14.Bölüm

375 16 64
                                    

4114 kelimelik yeni bölümle geldim. Bomba gibi bir bölüm oldu açıkçası. Özellikle bölüm sonu büyük bir bomba etkisi yaratacak. Fikirlerinizi ve düşüncelerinizi yorumlarda belirtin lütfen.
Oylarınızı ve yorumlarınızı bekliyorum.
Keyifli okumalar😊

Bahar'dan

Sabah pencereden sızan güneş ışıklarıyla gözlerimi araladım. Dün akşamı hatırlayınca yüzümde bir tebessüm oluştu ister istemez. Elimi kaldırıp yüzük parmağımdaki yüzüğü okşadım.

Çok güzeldi dün gece. Çok mutlu etmişti Yavuz beni. Yıllar sonra nihayet evleniyoruz. Daha fazla ne mutlu edebilir ki beni?

Yavuz'dan

Yüzümde engel olamadığım bir gülümsemeyle odamdan çıktım. Çok ama çok mutluyum. Nihayet evleniyorum Bahar'ımla. Daha fazla ne mutlu edebilir ki beni?

Odamdan çıkınca Sinan'la karşılaştım.

"Yüzündeki gülümsemeye bakılırsa Bahar kabul etmiş teklifini haa?"dediğinde içimdeki mutlulukla onu onayladım.

Sıkı sıkı sarıldı bana. "Tebrik ederim kardeşim. Umarım çok ama çok mutlu olursunuz. Artık hiçbir şey sizi üzmesin. Hep mutlu olun siz."dedi ayrıldığımızda.
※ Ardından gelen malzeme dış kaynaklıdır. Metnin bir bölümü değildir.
(* For every non-negative integer $m$ and for indeterminates $x,y$ (equivalently, for all elements $x,y$ of any commutative ring), \[ (x+y)^{s(m)} \;=\; \sum_{\substack{0\leq k\leq m \\ (k,\,m-k)\ \text{carry-free}}} x^{s(k)}\,y^{s(m-k)} . \]
   Context: For a non-negative integer $k$, $s(k)$ denotes the sum of the digits of the binary representation of $k$ (e.g. $s(3)=2$, $s(0)=0$). A pair $(a,b)$ of non-negative integers is called carry-free if the addition $a+b$ performed in binary involves no carries, i.e. no binary digit position has a $1$ in both $a$ and $b$. *)

From HB Require Import structures.
From mathcomp Require Import all_boot all_order all_algebra.
Set Implicit Arguments. Unset Strict Implicit. Unset Printing Implicit Defensive.

Definition bit (k i : nat) : bool := odd (k %/ 2 ^ i).

(* s(k): the sum of the binary digits of k.  All digits of weight 2^i with
   i >= k are zero (since k < 2^k), so summing over i < k.+1 covers them all. *)
Definition s (k : nat) : nat := \sum_(i < k.+1) bit k i.

(* Positions
   i > a carry a 0 in a (a < 2^i), so checking positions i < a.+1 checks all
   binary positions; the boolean form makes it usable as a summation filter. *)
Definition carry_free (a b : nat) : bool := [forall i : 'I_a.+1, ~~ (bit a i && bit b i)].

(* Write m = b + 2q with b its last binary digit.  A carry-free splitting
   k + (m - k) of m is a carry-free splitting of q with the digit b given to
   either side (or to neither when b = 0), and s(b + 2q) = b + s(q); hence the
   sum for m is (x + y)^b times the sum for q, and strong induction on m
   reduces the identity to (x + y)^(s m) = (x + y)^b (x + y)^(s q). *)

From HB Require Import structures.
From mathcomp Require Import all_boot all_order all_algebra.
From mathcomp Require Import zify.
Import GRing.Theory.

Lemma bit_eq0 k i : k < 2 ^ i -> bit k i = false.
Proof. by move=> lt_k; rewrite /bit divn_small. Qed.

Lemma bit_ge k i : k <= i -> bit k i = false.
Proof.
move=> le_ki; apply: bit_eq0.
by apply: leq_trans (ltn_expl k (ltnSn 1)) _; rewrite leq_pexp2l.
Qed.

Lemma s_widen k N : k < N -> s k = \sum_(i < N) bit k i.
Proof.
move=> lt_kN; rewrite /s (big_ord_widen N (fun i => (bit k i : nat))) //.
rewrite big_mkcond; apply: eq_bigr => i _; case: ifP => // /negbT.
by rewrite -leqNgt => le_ki; rewrite bit_ge // ltnW.
Qed.

Lemma s0 : s 0 = 0.
Proof. by rewrite /s big_ord1. Qed.

Lemma bit_double_add0 (c : bool) j : bit (c + j.*2) 0 = c.
Proof. by rewrite /bit expn0 divn1 oddD odd_double addbF; case: c. Qed.

Lemma bit_double_addS (c : bool) j i : bit (c + j.*2) i.+1 = bit j i.
Proof. by rewrite /bit expnS divnMA divn2 half_bit_double. Qed.

Lemma s_double_add (c : bool) j : s (c + j.*2) = c + s j.
Proof.
rewrite (@s_widen _ (c + j.*2).+2) // big_ord_recl bit_double_add0.
rewrite (@s_widen j (c + j.*2).+1); last by case: c; lia.
by congr (_ + _); apply: eq_bigr => i _; rewrite /= bit_double_addS.
Qed.

Lemma carry_freeP a b :
  reflect (forall i, ~~ (bit a i && bit b i)) (carry_free a b).
Proof.
apply: (iffP forallP) => cf_ab i //.
have [lt_ia | le_ai] := ltnP i a.+1; first exact: (cf_ab (Ordinal lt_ia)).
by rewrite bit_ge // ltnW.
Qed.

Lemma carry_free00 : carry_free 0 0.
Proof. by apply/carry_freeP => i; rewrite bit_ge. Qed.

Lemma carry_free_double_add (c : bool) j (d : bool) r :
  carry_free (c + j.*2) (d + r.*2) = ~~ (c && d) && carry_free j r.
Proof.
apply/carry_freeP/andP => [cf | [cf0 /carry_freeP cfS]].
  split; first by have := cf 0; rewrite !bit_double_add0.
  by apply/carry_freeP => i; have := cf i.+1; rewrite !bit_double_addS.
by case=> [|i]; rewrite ?bit_double_add0 ?bit_double_addS.
Qed.

Lemma sum_nat_double (V : nmodType) (f : nat -> V) N :
  (\sum_(0 <= k < N.*2) f k = \sum_(0 <= j < N) (f j.*2 + f j.*2.+1))%R.
Proof.
elim: N => [|N IH]; first by rewrite !big_geq.
by rewrite doubleS !big_nat_recr //= IH addrA.
Qed.

Local Open Scope ring_scope.

Section CarryFreeSum.
Variables (R : comPzRingType) (x y : R).

Definition splitting_term (m k : nat) : R :=
  if (k <= m)%N && carry_free k (m - k) then x ^+ s k * y ^+ s (m - k) else 0.

Lemma carry_free_sum_widen m N : (m < N)%N ->
  \sum_(0 <= k < m.+1 | carry_free k (m - k)) x ^+ s k * y ^+ s (m - k) =
  \sum_(0 <= k < N) splitting_term m k.
Proof.
move=> lt_mN; rewrite big_mkcond /= [RHS](big_cat_nat (n := m.+1)) //=.
rewrite [X in _ = _ + X]big1_seq ?addr0.
  by apply: eq_big_nat => k /andP[_ le_km]; rewrite /splitting_term -ltnS le_km.
move=> k /andP[_]; rewrite mem_index_iota => /andP[lt_mk _].
by rewrite /splitting_term leqNgt lt_mk.
Qed.

Lemma splitting_term_double_add (b : bool) q (c : bool) j :
  splitting_term (b + q.*2) (c + j.*2) =
  if (c <= b)%N then x ^+ c * y ^+ (b && ~~ c) * splitting_term q j else 0.
Proof.
rewrite /splitting_term; case: (leqP c b) => [le_cb | lt_bc].
  have [le_jq | lt_qj] := leqP j q.
    have sub : (b + q.*2 - (c + j.*2))%N = ((b && ~~ c) + (q - j).*2)%N.
      by move: le_cb; case: b; case: c => //= _; lia.
    have le : (c + j.*2 <= b + q.*2)%N by move: le_cb sub; case: b; case: c => //= _; lia.
    rewrite le sub carry_free_double_add !s_double_add /=.
    have -> : ~~ (c && (b && ~~ c)) by case: (c); case: (b).
    by case: (carry_free j (q - j)); rewrite ?mulr0 // !exprD mulrACA.
  rewrite mulr0 ifN //; apply/nandP; left; rewrite -ltnNge.
  by move: le_cb; case: (b); case: (c) => //= _; lia.
move: lt_bc; case: c; case: b => // _; case: ifP => // /andP[le sub_cf].
(* an odd k below an even m leaves an odd m - k: both have last digit 1 *)
have sub : (q.*2 - (1 + j.*2))%N = (true + (q - j).-1.*2)%N by move: le => /=; lia.
by move: sub_cf; rewrite sub carry_free_double_add.
Qed.

Lemma splitting_term_pair (b : bool) q j :
  splitting_term (b + q.*2) j.*2 + splitting_term (b + q.*2) j.*2.+1 =
  (x + y) ^+ b * splitting_term q j.
Proof.
rewrite -[j.*2]/(false + j.*2)%N -[j.*2.+1]/(true + j.*2)%N.
rewrite !splitting_term_double_add /= andbT.
by case: b; rewrite ?expr0 ?expr1 ?mul1r ?mulr1 ?addr0 // mulrDl addrC.
Qed.

End CarryFreeSum.

Theorem theorem2 (R : comPzRingType) (m : nat) (x y : R) :
  (x + y) ^+ s m =
  \sum_(0 <= k < m.+1 | carry_free k (m - k)) x ^+ s k * y ^+ s (m - k).
Proof.
elim/ltn_ind: m => m IH.
have [-> | m_gt0] := posnP m.
  by rewrite big_mkcond big_nat1 carry_free00 subnn s0 !expr0 mulr1.
have def_m := odd_double_half m.
have lt_half : (m./2 < m)%N by lia.
rewrite (@carry_free_sum_widen _ x y m m./2.+1.*2); last by lia.
rewrite sum_nat_double.
under eq_bigr => j _ do rewrite -{1 2}def_m splitting_term_pair.
rewrite -big_distrr /= -carry_free_sum_widen //.
by rewrite -IH // -exprD -s_double_add def_m.
Qed.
"İnşallah kardeşim. İnşallah. Sende artık bul birini."dedim göz kırpıp. Gözlerini devirip gitti yanımdan.

Ben de onun bu hareketine gülüp ortak odaya gittim arkasından. Ben ortak odaya girdiğimde herkes ayağa kalkıp hazır ola geçti. Elimle oturmalarını işaret edip ben de oturdum bir köşeye.

Feyzullah heyecanla yerinde kıpırdanıp konuştu.

"Komutanım, abilerim benim size vermek istediğim güzel bir haber var. Ben ikiz babası oluyorum."deyince hepimiz gülerek onu tebrik ettik.

Daha sonra "Ee komutanım Bahar kabul etti mi teklifinizi?"diye sordu Hafız.

"Evet Hafız. Kabul etti Bahar. Bende seninle bu konuyu konuşmak istiyorum. Müsaaden olursa gidip Bahar'la nikah tarihi alalım bugün. En kısa zamanda da evleniriz."dedim dikkatle Hafız'a bakarak.

"Siz nasıl isterseniz öyle yapın komutanım. Mutlu bir yuva kurmayı sonuna kadar hak ediyorsunuz ikinizde. Sorun yok benim için."dedi Hafiz.

"E o zaman düğün yakın ha komutanım! Ohh kurtlarımızı dökeriz bir güzel. Otur otur sıkıldım aga!"dedi Keşanlı büyük bir coşkuyla. Onun bu coşkusuna ister istemez güldüm.

"Yakın Keşanlı yakın."dedim tebessümle.

"Komutanım bir şey diyeceğim ama ne dersiniz bilemedim."dedi Karabatak biraz düşünceli bir şekilde.

"Söyle Karabatak."dedim çatık kaşlarla.

"Bizde Nazlı'yla gidip nikah tarihi alacağız bugün. Hazır siz de nikah tarihi alacaksınız. Beraber gitsek. Çifte düğün yaparız. Tek seferde hallolur her şey. Ne dersiniz?"diye sordu çekingen bir tavırla. Bu haline gülümsemeden edemedim.

"Olur kardeşim. Çok güzel olur. Biz iyi günde de kötü günde de hep beraber olduk. Bu mutlu günümüzde beraber olsun. Hem Bahar'la Nazlı da çok mutlu olur."dedim yüzümden tebessümümü eksik etmeyerek. Şükürler olsun Allah'ım. Bana Bahar'ı, kardeşlerimi bu hayatın bir hediyesi olarak verdiğin için sonsuz şükürler olsun.

Bahar'dan

Yüzümden tebessümümü eksik etmeden hastaneden içeri girdim. Odama gidip çantamı bıraktım ve önlüğümü giydim. İlk hastam gelmeden önce yarım saat vaktim olduğu için kantine indim. Kızların bir masada oturup sohbet ettiklerini gördüğümde bir kahve alıp yanlarına gittim. Masaya oturduğumda Nazlı direk yüzüğüme baktı.